Third Brainstreet U15 Tourney
The Brainstreet Group continued its alliance with the Georgetown Cricket Association (GCA) to launch the association’s Under-15 One-Day tournament that commences on Saturday at various grounds in the city.
The competition, which was launched on Monday at the Malteenoes Sports Club (MSC) pavilion, has nine confirmed teams, inclusive of a team from Queen’s College and the Ladies A squad. The DCC ‘B’ team is yet to confirm their participation in the tournament.
The competition will be twofold – with the first part being a round robin format for the Brainstreet Shield while in the second part will see the four top teams playing the knockout version for the Brainstreet Cup.
A player must be born on or after September 1, 1998 to be eligible to participate in the competition.
The tournament will be one with a difference since it is structured like those in the English League system.
Mark Harper who gave an overview of the tournament said that the tournament is very significant for the development of young cricketers. Harper made special mention of Tagnarine Chanderpaul, a product of the Brainstreet under-15 tournament.
Harper stated that games will start at 09:30h and although it’s a one-day match, 100 overs must be bowled with the team batting first having up to 55 overs to bat while the team batting second will bat for 45 overs.
“If the first team is dismissed in less than 55 overs the second team will have their 45 plus whatever number of the 55 the first team failed to use up. The first team could also declare and this format, which places the emphasis on winning and has bonus points, should force captains and teams to think more since they will not be able to just go out and set defensive fields and play for a draw,” Harper said.

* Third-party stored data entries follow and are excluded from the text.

(* Let $C$ be a set of colours and $W_2=\{w_0w_1w_2\cdots\in C^\omega:\ w_i\neq w_{i+1}\text{ for all } i\}$. Then $W_2$ does not have ($\varepsilon$-free) chromatic memory $<|C|$; consequently $W_2$ does not have $\varepsilon$-chromatic memory $<|C|$ either.
   Context: A $C$-game is $(G,V_{\mathrm{Eve}},v_0,W)$ with $G$ a $C$-graph (vertices with coloured directed edges $v\xrightarrow{c}v'$, every vertex having an outgoing edge). A strategy is $(S,\pi,s_0)$ with $S$ a $C$-graph, $\pi:S\to G$ an edge- and colour-preserving map, $\pi(s_0)=v_0$, such that for all $v\notin V_{\mathrm{Eve}}$, $v\xrightarrow{c}v'\in E(G)$, $s\in\pi^{-1}(v)$ there is $s'\in\pi^{-1}(v')$ with $s\xrightarrow{c}s'$; it is winning if all infinite paths from $s_0$ have colour sequence in $W$. A product strategy over $M$ has $V(S)\subseteq V(G)\times M$ and $\pi(v,m)=v$; it is chromatic if there is $\delta:M\times C\to M$ with $m'=\delta(m,c)$ for each edge $(v,m)\xrightarrow{c}(v',m')$ of $S$. $W$ has chromatic memory $<\nu$ if every game with objective $W$ having a winning strategy has a winning chromatic product strategy with $|\pi^{-1}(v)|<\nu$ for all $v$. With a fresh colour $\varepsilon$ and $C^\varepsilon=C\sqcup\{\varepsilon\}$, $W^\varepsilon$ is the set of $w\in(C^\varepsilon)^\omega$ whose $\varepsilon$-free projection is infinite and in $W$ or finite with a continuation in $W$; $W$ has $\varepsilon$-chromatic memory $<\nu$ if every $C^\varepsilon$-game with objective $W^\varepsilon$ having a winning strategy has a winning chromatic product strategy over some $M$ with $|M|<\nu$ whose update function satisfies $\delta(m,\varepsilon)=m$. *)

From mathcomp Require Import all_boot.
Set Implicit Arguments. Unset Strict Implicit. Unset Printing Implicit Defensive.

Definition card_le (A B : Type) : Prop := exists f : A -> B, injective f.
Definition card_lt (A B : Type) : Prop := card_le A B /\ ~ card_le B A.

Definition objective (C : Type) := (nat -> C) -> Prop.

Definition is_cgraph (C V : Type) (E : V -> C -> V -> Prop) : Prop :=
  forall v, exists c v', E v c v'.

Definition is_strategy (C V : Type) (E : V -> C -> V -> Prop) (VEve : V -> Prop)
  (v0 : V) (S : Type) (ES : S -> C -> S -> Prop) (pi : S -> V) (s0 : S) : Prop :=
  [/\ is_cgraph ES,
      (forall s c s', ES s c s' -> E (pi s) c (pi s')),
      pi s0 = v0 &
      (forall v c v' s, ~ VEve v -> E v c v' -> pi s = v ->
          exists s', pi s' = v' /\ ES s c s')].

Definition winning_from (C S : Type) (ES : S -> C -> S -> Prop) (s0 : S)
  (W : objective C) : Prop :=
  forall (s : nat -> S) (w : nat -> C), s 0 = s0 ->
    (forall i, ES (s i) (w i) (s i.+1)) -> W w.

Definition has_winning_strategy (C V : Type) (E : V -> C -> V -> Prop)
  (VEve : V -> Prop) (v0 : V) (W : objective C) : Prop :=
  exists (S : Type) (ES : S -> C -> S -> Prop) (pi : S -> V) (s0 : S),
    is_strategy E VEve v0 ES pi s0 /\ winning_from ES s0 W.

(** Product strategies over M: the vertex set is a subset P of V * M
    (realised as the subtype [sig P]) and pi is the first projection. *)
Definition prod_pi (V M : Type) (P : V * M -> Prop) (s : sig P) : V := (proj1_sig s).1.

Definition is_chromatic (C V M : Type) (P : V * M -> Prop)
  (ES : sig P -> C -> sig P -> Prop) (delta : M -> C -> M) : Prop :=
  forall s c s', ES s c s' -> (proj1_sig s').2 = delta (proj1_sig s).2 c.

(** W has chromatic memory < |D| (the cardinal nu is given as |D|). *)
Definition has_chromatic_memory_lt (C : Type) (W : objective C) (D : Type) : Prop :=
  forall (V : Type) (E : V -> C -> V -> Prop) (VEve : V -> Prop) (v0 : V),
    is_cgraph E -> has_winning_strategy E VEve v0 W ->
    exists (M : Type) (P : V * M -> Prop) (ES : sig P -> C -> sig P -> Prop)
           (s0 : sig P) (delta : M -> C -> M),
      [/\ is_strategy E VEve v0 ES (@prod_pi V M P) s0,
          winning_from ES s0 W,
          is_chromatic ES delta &
          forall v : V, card_lt {s : sig P | prod_pi s = v} D].

(** The fresh colour epsilon: C^eps = option C, with None = epsilon. *)

(** If w has infinitely many non-epsilon letters this says
    u is the epsilon-free projection of w; otherwise it says u is a
    continuation of the (finite) projection. *)
Definition proj_prefix (C : Type) (w : nat -> option C) (u : nat -> C) : Prop :=
  forall n, let p := pmap id (map w (iota 0 n)) in p = map u (iota 0 (size p)).

Definition W_eps (C : Type) (W : objective C) : objective (option C) :=
  fun w =>
    ((forall n, exists i, n <= i /\ w i <> None) /\
       exists u, proj_prefix w u /\ W u)
    \/
    ((exists n, forall i, n <= i -> w i = None) /\
       exists u, proj_prefix w u /\ W u).

Definition has_eps_chromatic_memory_lt (C : Type) (W : objective C) (D : Type) : Prop :=
  forall (V : Type) (E : V -> option C -> V -> Prop) (VEve : V -> Prop) (v0 : V),
    is_cgraph E -> has_winning_strategy E VEve v0 (W_eps W) ->
    exists (M : Type) (P : V * M -> Prop)
           (ES : sig P -> option C -> sig P -> Prop)
           (s0 : sig P) (delta : M -> option C -> M),
      [/\ is_strategy E VEve v0 ES (@prod_pi V M P) s0,
          winning_from ES s0 (W_eps W),
          is_chromatic ES delta,
          (forall m, delta m None = m) &
          card_lt M D].

Definition W2 (C : Type) : objective C := fun w => forall i, w i <> w i.+1.

(** Consider the arena in which Adam first plays an arbitrary colour [c]
    while moving to a vertex labelled by two distinct colours [x, y]; Eve must
    then play [x] or [y], after which Adam keeps playing colours different
    from the previous one.  Eve wins [W2] by remembering [c] and answering
    with whichever of [x, y] differs from it.  With chromatic memory, however,
    if two first colours [c <> c'] led to the same memory state, Adam could
    play either of them towards the vertex [{c, c'}], reach the same state of
    the strategy, and Eve's answer would repeat one of them.  So the memory
    reached after the first move determines [c], which yields [|C|] distinct
    memory states over one vertex. *)

From mathcomp Require Import all_boot.
From Stdlib Require Import Classical ClassicalEpsilon ProofIrrelevance FunctionalExtensionality.

Set Implicit Arguments. Unset Strict Implicit. Unset Printing Implicit Defensive.

Lemma exists_infinite_path (S K : Type) (ES : S -> K -> S -> Prop) :
  is_cgraph ES -> forall x : S,
  exists (s : nat -> S) (w : nat -> K), s 0 = x /\ forall i, ES (s i) (w i) (s i.+1).
Proof.
move=> cgraph_ES x.
have step (y : S) : {p : K * S | ES y p.1 p.2}.
  apply: constructive_indefinite_description.
  by have [k [y' e]] := cgraph_ES y; exists (k, y').
pose s n := iter n (fun y => (sval (step y)).2) x.
by exists s, (fun i => (sval (step (s i))).1); split => // i; exact: svalP (step (s i)).
Qed.

Lemma winning_from_two_edges (S K : Type) (ES : S -> K -> S -> Prop) W x y z k k' :
  is_cgraph ES -> winning_from ES x W -> ES x k y -> ES y k' z ->
  exists w, [/\ w 0 = k, w 1 = k' & W w].
Proof.
move=> cgraph_ES win exy eyz.
have [s [w [s0z path_sw]]] := exists_infinite_path cgraph_ES z.
exists (fun i => match i with 0 => k | 1 => k' | n.+2 => w n end); split => //.
apply: (win (fun i => match i with 0 => x | 1 => y | n.+2 => s n end)) => // - [|[|n]] //.
by rewrite /= s0z.
Qed.

Lemma prod_state_eq (V M : Type) (P : V * M -> Prop) (s s' : sig P) :
  prod_pi s = prod_pi s' -> (sval s).2 = (sval s').2 -> s = s'.
Proof.
rewrite /prod_pi => eq_v eq_m.
apply: eq_sig_hprop => [? ? ?|]; first exact: proof_irrelevance.
by rewrite [sval s]surjective_pairing [sval s']surjective_pairing eq_v eq_m.
Qed.

Lemma other_colour (C : Type) (a b : C) : a <> b -> forall e : C, exists f, f <> e.
Proof.
move=> neq_ab e; case: (classic (e = a)) => [->|neq_ea]; [exists b | exists a]; exact: nesym.
Qed.

Inductive vertex (C : Type) := VStart | VChoice of C & C | VLast of C.
Arguments VStart {C}.

Definition eve_vertex (C : Type) (v : vertex C) : Prop :=
  if v is VChoice _ _ then True else False.

Inductive state (C : Type) := SStart | SChoice of C & C & C | SLast of C.
Arguments SStart {C}.

Definition state_vertex (C : Type) (s : state C) : vertex C :=
  match s with SStart => VStart | SChoice _ x y => VChoice x y | SLast d => VLast d end.

Section Arena.

Variables (C K : Type) (col : C -> K) (a b : C).
Hypothesis neq_ab : a <> b.

(* The disjunct [x = y] only concerns the unreachable vertices [VChoice x x];
   it gives them outgoing edges. *)
Definition arena_edge (v : vertex C) (k : K) (v' : vertex C) : Prop :=
  match v, v' with
  | VStart, VChoice x y => x <> y /\ exists c, k = col c
  | VChoice x y, VLast d => k = col d /\ [\/ d = x, d = y | x = y]
  | VLast e, VLast f => k = col f /\ f <> e
  | _, _ => False
  end.

(* [SChoice c x y] remembers the first colour [c]. *)
Definition strategy_edge (s : state C) (k : K) (s' : state C) : Prop :=
  match s, s' with
  | SStart, SChoice c x y => x <> y /\ k = col c
  | SChoice c x y, SLast d => [/\ k = col d, d <> c & [\/ d = x, d = y | x = y]]
  | SLast e, SLast f => k = col f /\ f <> e
  | _, _ => False
  end.

Definition state_colour (s : state C) : C :=
  match s with SStart => a | SChoice c _ _ => c | SLast d => d end.

Lemma arena_cgraph : is_cgraph arena_edge.
Proof.
case=> [|x y|e].
- by exists (col a), (VChoice a b); split; [|exists a].
- by exists (col x), (VLast x); split; [|constructor 1].
- by have [f neq_fe] := other_colour neq_ab e; exists (col f), (VLast f).
Qed.

Lemma strategy_edge_colour s k s' : strategy_edge s k s' -> k = col (state_colour s').
Proof. by case: s s' => [|c x y|e] [|c' x' y'|e'] //= => [[]|[]|[]]. Qed.

Lemma strategy_colour_changes s s' s'' k k' :
  strategy_edge s k s' -> strategy_edge s' k' s'' ->
  state_colour s' <> state_colour s''.
Proof.
case: s s' s'' => [|c x y|e] [|c' x' y'|e'] [|c'' x'' y''|e''] //= _;
  by case=> _ /nesym.
Qed.

Lemma strategy_edge_is_strategy :
  is_strategy arena_edge (@eve_vertex C) VStart strategy_edge (@state_vertex C) SStart.
Proof.
split=> //.
- case=> [|c x y|e].
  + by exists (col a), (SChoice a a b).
  + have [->|neq_xy] := classic (x = y).
      have [d neq_dc] := other_colour neq_ab c.
      by exists (col d), (SLast d); split => //; constructor 3.
    have [eq_xc|neq_xc] := classic (x = c).
      exists (col y), (SLast y); split => //; last by constructor 2.
      by move=> eq_yc; apply: neq_xy; rewrite eq_xc eq_yc.
    by exists (col x), (SLast x); split => //; constructor 1.
  + by have [f neq_fe] := other_colour neq_ab e; exists (col f), (SLast f).
- by move=> [|c x y|e] k [|c' x' y'|e'] //= => [[? ->]|[-> _]]; split => //; exists c'.
- move=> v k v' s not_eve e_v s_v; subst v.
  case: s not_eve e_v => [|c x y|e] /= not_eve; [|by case: not_eve|]; case: v' => //=.
  + by move=> x y [neq_xy [c ->]]; exists (SChoice c x y).
  + by move=> f [-> neq_fe]; exists (SLast f).
Qed.

Variable W : objective K.
Hypothesis W_of_W2 : forall u : nat -> C, W2 u -> W (col \o u).
Hypothesis W_no_initial_repeat : forall w c, w 0 = col c -> w 1 = col c -> ~ W w.

Lemma arena_has_winning_strategy :
  has_winning_strategy arena_edge (@eve_vertex C) VStart W.
Proof.
exists (state C), strategy_edge, (@state_vertex C), SStart.
split; first exact: strategy_edge_is_strategy.
move=> s w _ path_sw.
have -> : w = col \o (fun i => state_colour (s i.+1)).
  by apply: functional_extensionality => i; apply: strategy_edge_colour (path_sw i).
by apply: W_of_W2 => i; apply: strategy_colour_changes (path_sw i) (path_sw i.+1).
Qed.

Variables (M : Type) (P : vertex C * M -> Prop) (ES : sig P -> K -> sig P -> Prop).
Variables (s0 : sig P) (delta : M -> K -> M).
Hypothesis ES_strategy : is_strategy arena_edge (@eve_vertex C) VStart ES (@prod_pi _ M P) s0.
Hypothesis ES_winning : winning_from ES s0 W.
Hypothesis ES_chromatic : is_chromatic ES delta.

Lemma first_move x y c : x <> y ->
  exists2 t, prod_pi t = VChoice x y & ES s0 (col c) t.
Proof.
case: ES_strategy => _ _ s0_start adam neq_xy.
have [|t [? ?]] := adam VStart (col c) (VChoice x y) s0 id _ s0_start; last by exists t.
by split; last exists c.
Qed.

Lemma first_memory_injective : injective (fun c => delta (sval s0).2 (col c)).
Proof.
move=> c c' eq_mem; apply: NNPP => neq_cc'.
have [t t_v e0t] := first_move c neq_cc'.
have [t' t'_v e0t'] := first_move c' neq_cc'.
have eq_tt' : t = t'.
  by apply: prod_state_eq; rewrite ?t_v ?t'_v // (ES_chromatic e0t) (ES_chromatic e0t').
case: ES_strategy => cgraph_ES arena_ES _ _.
have [k [t'' ett'']] := cgraph_ES t.
move: (arena_ES _ _ _ ett''); rewrite t_v.
case: (prod_pi t'') => // d [eq_k [eq_d|eq_d|//]].
- rewrite eq_k eq_d in ett''.
  have [w [w0 w1 Ww]] := winning_from_two_edges cgraph_ES ES_winning e0t ett''.
  exact: W_no_initial_repeat w0 w1 Ww.
- rewrite eq_k eq_d eq_tt' in ett''.
  have [w [w0 w1 Ww]] := winning_from_two_edges cgraph_ES ES_winning e0t' ett''.
  exact: W_no_initial_repeat w0 w1 Ww.
Qed.

Lemma memory_card_ge : card_le C M.
Proof. by exists (fun c => delta (sval s0).2 (col c)); apply: first_memory_injective. Qed.

Lemma states_over_choice_card_ge : card_le C {s : sig P | prod_pi s = VChoice a b}.
Proof.
have next (c : C) : {t : {s : sig P | prod_pi s = VChoice a b} | ES s0 (col c) (sval t)}.
  apply: constructive_indefinite_description.
  by have [t t_v e0t] := first_move c neq_ab; exists (exist _ t t_v).
exists (fun c => sval (next c)) => c c' eq_next.
apply: first_memory_injective => /=.
by rewrite -(ES_chromatic (svalP (next c))) -(ES_chromatic (svalP (next c'))) eq_next.
Qed.

End Arena.

Lemma card_le_not_lt (A B : Type) : card_le A B -> ~ card_lt B A.
Proof. by move=> le_AB []. Qed.

Lemma W_eps_Some (C : Type) (W : objective C) (u : nat -> C) :
  W u -> W_eps W (fun i => Some (u i)).
Proof.
move=> Wu; left; split; first by move=> n; exists n.
exists u; split=> // n /=.
by rewrite (map_comp Some u) (@map_pK _ _ id Some) // size_map size_iota.
Qed.

Lemma W_eps_W2_no_initial_repeat (C : Type) (w : nat -> option C) (c : C) :
  w 0 = Some c -> w 1 = Some c -> ~ W_eps (@W2 C) w.
Proof.
move=> w0 w1 W_w.
have [u [prefix_wu W2u]] : exists u, proj_prefix w u /\ W2 u by case: W_w => -[].
by move: (prefix_wu 2); rewrite /= w0 w1 => -[u0 u1]; apply: (W2u 0); rewrite -u0 -u1.
Qed.

Lemma W2_not_chromatic_memory_lt (C : Type) (a b : C) :
  a <> b -> ~ has_chromatic_memory_lt (@W2 C) C.
Proof.
move=> neq_ab mem.
have W2_no_repeat (w : nat -> C) c : w 0 = c -> w 1 = c -> ~ W2 w.
  by move=> w0 w1 /(_ 0); rewrite w0 w1.
have [M [P [ES [s0 [delta [strat win chrom card]]]]]] :=
  mem _ _ _ _ (arena_cgraph id neq_ab) (arena_has_winning_strategy neq_ab (fun _ => id)).
exact: card_le_not_lt (states_over_choice_card_ge neq_ab W2_no_repeat strat win chrom) (card _).
Qed.

Lemma W2_not_eps_chromatic_memory_lt (C : Type) (a b : C) :
  a <> b -> ~ has_eps_chromatic_memory_lt (@W2 C) C.
Proof.
move=> neq_ab mem.
have W_of_W2 u : W2 u -> W_eps (@W2 C) (Some \o u) by apply: W_eps_Some.
have [M [P [ES [s0 [delta [strat win chrom _ card]]]]]] :=
  mem _ _ _ _ (arena_cgraph (@Some C) neq_ab) (arena_has_winning_strategy neq_ab W_of_W2).
exact: card_le_not_lt (memory_card_ge (@W_eps_W2_no_initial_repeat C) strat win chrom) card.
Qed.

Theorem propositionB1 (C : Type) (a b : C) (hab : a <> b) :
  ~ has_chromatic_memory_lt (@W2 C) C /\ ~ has_eps_chromatic_memory_lt (@W2 C) C.
Proof.
by split; [apply: W2_not_chromatic_memory_lt hab | apply: W2_not_eps_chromatic_memory_lt hab].
Qed.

In an effort to produce fast bowlers at a time when the slow pitches and the quality of batsmanship against spin many times reduce pacers to mere spectators in matches locally, the GCA is continuing with their policy of mandating that 25 of the total number of overs bowled in an innings be done so by the ‘quickies’.
Meanwhile, according to the playing conditions – one bonus point shall be awarded when a team reaches 100 runs and an additional point will be awarded for every 25 runs scored up to 200 runs. A team can earn a maximum of five batting points.
“Extra batting points are designed to give teams the opportunity to gain maximum batting points when chasing a target below 200 runs while batting second. However, the team has to win the match to be awarded extra batting points. If the team batting first is dismissed for less than 200 runs, then the team batting second can also earn batting points based on the number of wickets that the team keeps intact in achieving victory to allow it to gain the maximum of five batting points. Every two wickets intact will earn one extra batting point – an addition to batting points gained for reaching 100 runs and every 25 runs thereafter to a maximum of five points total.”
On the other hand, one bonus point shall be awarded for every two wickets taken. A team can earn a maximum of five bowling bonus points.
Further a team refusing to play or to complete a match shall be considered to have withdrawn from the competition and shall forfeit all prize monies due to the team and all individual awards due to the members of the team for that competition.
Also, if a team withdraws from a league competition where points are accrued, any match played by that team shall be deemed null and void. Any team refusing to play or to complete a match will be required to pay a fee of $15,000 to enter the next GCA competition that it wishes to play.
Any team that gives another a ‘walkover’ or concedes a match before it is completed will be required to pay $15,000 to enter the next GCA under-19 division competition.
For every victory a team can earn 10 points in addition to the bonus points; there will be five points if the game is tied (scores tied irrespective of the number of wickets taken/lost) and two points if the game is drawn.
Meanwhile, Brain Street’s CEO Lance Hinds disclosed that his company is happy to be associated with the GCA and said its primary drive is to help increase and improve the standard of GCA’s cricket.
GCA President Roger Harper thanked Brain Street for their continued support and investment in young people. The former West Indies all-rounder reminded that Brainstreet cares about developing minds, adding that the he looks forward to seeing the players exceed the standard of last year’s tournament.
Shawn Massiah, GCA Competitions Committee Chairman, informed that in the opening round will see Everest facing GCC at Everest, DCC ‘A’ taking on DCC ‘B’ at MYO, TSC battling GYO at GYO, GNIC taking on MSC at GNIC and the Ladies squad opposing Queen’s College at YMCA.
Massiah stated if DCC ‘B’ fails to confirm their participation in the tournament, each team that is slated to play against DCC ‘B’ will draw the bye.